Brexit Secretary David Davis has been accused of misleading Parliament after admitting the Government has made no formal assessment of the likely impact of EU withdrawal on different sectors of the UK economy.
Mr Davis told the House of Commons Exiting the EU Committee that the usefulness of an assessment of this kind would be “near zero” because of the scale of change which Brexit is likely to cause.
Leaving the EU will provoke a “paradigm change” in the UK economy on a similar order of magnitude to the financial crash of 2008, making economic forecast models unlikely to be “informative”, he told MPs.
Mr Davis was appearing before the committee to defend his failure to deliver the 58 impact assessments demanded by a parliamentary motion last month, handing over instead 850 pages of heavily-edited “sectoral analyses” setting out detail about the current position of different parts of the economy.
The Brexit Secretary told MPs as early as last December that his department was “in the midst of carrying out about 57 sets of analyses” on different parts of the economy. And in October, he told the Brexit committee that Prime Minister Theresa May had read “summary outcomes” of impact assessments, which he said went into “excruciating detail”.
But on Wednesday he told the committee that “no systematic impact assessments” had in fact been carried out.
Pressed by committee chairman Hilary Benn whether any impact assessment had been conducted of the implications of Brexit for the automotive, aerospace or financial services sectors, Mr Davis said “No” to each before cutting the Labour MP short, saying: “I think the answer will be No to all of them.”
David Davis gives evidence (PA)
“It will have an effect, the assessment of that effect is not as straightforward as people imagine.
“I’m not a fan of economic models because they have all proven wrong. When you have a paradigm change – as happened in 2008 with the financial crisis – all the models were wrong.
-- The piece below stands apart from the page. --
(* There is an absolute constant $c>0$ such that for all $n\ge 3$ and $\tau\ge 1$ there exist $\varepsilon>0$ and $n$ entities moving in $\mathbb{R}^1$ along piecewise-linear trajectories with vertices at common times $t_0<\dots<t_\tau$ for which every central trajectory has complexity at least $c\,\tau n^2$.
   Context: Setting: $\mathcal{X}$ is a set of $n$ entities, each moving in $\mathbb{R}^d$ along a piecewise-linear trajectory $\sigma:[t_0,t_\tau]\to\mathbb{R}^d$ with vertices at the common times $t_0<\dots<t_\tau$. A parameter $\varepsilon\ge 0$ is fixed. Two entities $\sigma,\psi$ are $\varepsilon$-connected at time $t$ if there is a sequence $\sigma=\sigma_0,\dots,\sigma_k=\psi$ of entities with $\|\sigma_j(t)\sigma_{j+1}(t)\|\le\varepsilon$ for all $j$. A trajectoid is a function $\mathcal{T}:[t_0,t_\tau]\to\mathcal{X}$ such that whenever $\mathcal{T}$ is discontinuous at time $t$, switching from $\sigma$ to $\psi$, the entities $\sigma,\psi$ are $\varepsilon$-connected at time $t$. $D(\sigma,t)=\max_{\psi\in\mathcal{X}}\|\sigma(t)\psi(t)\|$. A central trajectory is a trajectoid minimizing $\int_{t_0}^{t_\tau}D(\mathcal{T}(t),t)\,dt$. The complexity of a trajectoid is the number of pieces of the curve $t\mapsto\mathcal{T}(t)(t)$, i.e. the number of maximal time intervals on which $\mathcal{T}$ is a single entity and that entity moves linearly. *)

From Stdlib Require Import Reals Lra List Relations.
Open Scope R_scope.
The Queen famously asked why did we not know.
“Similarly, what we are dealing with here in every outcome – whether it is a free trade agreement, whether it is a WTO outcome or whether it is something between that on the spectrum – it is a paradigm change.
“We know not the size, but the order of magnitude of the impact.”
Mr Benn asked him: “Doesn’t it strike you as rather strange that the Government undertakes impact assessments of all sorts of things all the time, but on the most fundamental change that we are facing as a country, you’ve just told us that the Government hasn’t undertaken any impact assessments at all on the implications for various parts of the economy?”
Mr Davis last week gave the committee 850 pages of what he terms “sectoral analyses”, looking at the condition of various parts of the UK economy and their current involvement in the EU market but making no forecasts on the likely impact of Brexit.
MPs complained that the material had been heavily edited by officials before being released to them, with some suggesting the Brexit Secretary could be in contempt of Parliament for failing to respond adequately to its demand.
Mr Davis’s admission that no sectoral impact assessments have been made by the Government provoked outrage among opposition MPs.
A Labour member of the Brexit committee, Seema Malhotra, described the failure to make assessments as “a dereliction of duty”.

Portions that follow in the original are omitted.